Comment by tombert

9 hours ago

The weird part to me (and a lot of people) is that I barely knew the guy. I had exchanged a few messages, we joked around a bit, and arranged to meet. This wasn't a close friend killing himself, this was effectively a Z-list celebrity that I liked.

What bothers me more than the actual suicide (though that's very sad too) is the fact that I chose to do nothing. I saw signs, I debated doing something, and I prioritized meeting my man-crush more than trying to do the right thing. I know that me doing something wouldn't have changed anything, I have no idea what I would even do. It just bothers me that I actively decided to not do anything.

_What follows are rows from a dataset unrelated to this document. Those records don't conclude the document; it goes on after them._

Lemma ovl_heavy_half r s r' s' rho b :
  0 <= r -> 0 <= s -> r + r' = 1 -> s + s' = 1 -> 0 <= rho -> 0 <= b -> b <= 1 ->
  rho * b / 2 <= r -> b / 2 <= s ->
  (rho * b) `^ a / 2 <= ovl r s + ovl r' s' \/ b `^ (1 - a) / 2 <= ovl r s + ovl r' s'.
Proof.
move=> r0 s0 rr' ss' rho0 b0 b1 hr hs.
have half x y X Y : 0 <= x -> 0 <= y -> x / 2 <= X -> y / 2 <= Y -> ovl x y / 2 <= ovl X Y.
  move=> x0 y0 xX yY; rewrite mulrC -ovlZ ?invr_ge0 ?ler0n //.
  by apply: ler_ovl; rewrite 1?mulrC // mulr_ge0 ?invr_ge0 ?ler0n.
have O1 : ovl r s <= ovl r s + ovl r' s' by rewrite lerDl ovl_ge0.
have O2 : ovl r' s' <= ovl r s + ovl r' s' by rewrite lerDr ovl_ge0.
have [r_ge|r_lt] := lerP 2^-1 r.
  by right; apply: le_trans O1; rewrite -ovl1r; apply: half => //; lra.
have [s_ge|s_lt] := lerP 2^-1 s.
  by left; apply: le_trans O1; rewrite -ovll1; apply: half; rewrite ?mulr_ge0 //; lra.
by right; apply: le_trans O2; rewrite -ovl1r; apply: half => //; lra.
Qed.

Section Binary.
Variables (X : finType) (P Q w : X -> R).
Hypotheses (P_ge0 : forall x, 0 <= P x) (Q_ge0 : forall x, 0 <= Q x).
Hypothesis w01 : forall x, 0 <= w x <= 1.

Definition binary_ovl := \sum_c ovl (binarize P w c) (binarize Q w c).

Let wc_ge0 c x : 0 <= if c then w x else 1 - w x.
Proof. by case: c; case/andP: (w01 x); rewrite // subr_ge0. Qed.

Let binarize_ge0 F c : (forall x, 0 <= F x) -> 0 <= binarize F w c.
Proof. by move=> F0; apply: sumr_ge0 => x _; rewrite mulr_ge0. Qed.
Lemma rtrans_inj (g : G) : injective (rtrans g).
Proof.
have rtransK C : rtrans g^-1 (rtrans g C) = C.
  by apply/seteqP; split => y; rewrite /rtrans /= -mulgA mulVg mulg1.
by move=> C1 C2 e; rewrite -(rtransK C1) e rtransK.
Qed.

Variables (R : realType) (E : tvsType R) (Q : set E) (a : G -> E -> E) (q0 : E).
Hypotheses (ha : affine_action Q a) (Qq0 : Q q0).
Hypothesis fixq0 : forall h, H h -> a h q0 = q0.

(* The orbit map Hx |-> x^-1 q0, well defined because H fixes q0; sets that are
   not right cosets are sent to q0. *)
Definition coset_orbit (C : set G) : E :=
  a ((xget 1%g (fun x => C = rcoset H x))^-1)%g q0.

Lemma coset_orbitE (x : G) : coset_orbit (rcoset H x) = a (x^-1)%g q0.
Proof.
rewrite /coset_orbit; set y := xget _ _.
have /rcoset_eq_mulV Hxy : rcoset H x = rcoset H y.
  by apply: (xgetPex 1%g (P := fun z => rcoset H x = rcoset H z)); exists x.
case: ha => _ _ aM _ _.
by rewrite -{2}(fixq0 Hxy) -aM // mulgA mulVg mul1g.
Qed.

Lemma coset_orbitQ (C : set G) : Q (coset_orbit C).
Proof. by case: ha => aQ _ _ _ _; exact: aQ. Qed.

Lemma coset_orbit_rtrans (g x : G) :
  coset_orbit (rtrans g (rcoset H x)) = a g (coset_orbit (rcoset H x)).
Proof. by case: ha => _ _ aM _ _; rewrite rtrans_rcoset !coset_orbitE -aM // invgM invgK. Qed.

Hypothesis cQ : convex_set (Q : set (convex_lmodType E)).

Everyone thinks they're a good person, and everyone thinks they'll do the right thing when it matters. I certainly thought that, and ultimately I guess that's not strictly true, or at least it wasn't in 2021. I let being a coward and selfish stop me from trying to help someone, and in my mind it stopped me from doing the right thing.

I don't really believe in anything supernatural, but it feels like this was some kind of important cosmic test that I failed. Metaphorically speaking.

And I think at this point, I overcompensate; I treat people as surrogates to try and assuage some of the guilt that I have over that. If something bad happens, I can at least tell myself that I did what I could.

I realize that this kind of thinking is not healthy for me. Guilt isn't inherently bad, it's important to have guilt to learn from your mistakes and to make yourself as good of a person as you can be, but carrying this kind of guilt for someone I barely knew and aggressively trying to "fix it" by over-helping everyone is probably bad for my mental health.

At this point, and I'm a little embarrassed it took me until my 30's to reach this conclusion, but I've started living by the motto of "don't let being a coward stop you from doing the right thing". Taken to the extreme I'm not sure that's healthy either.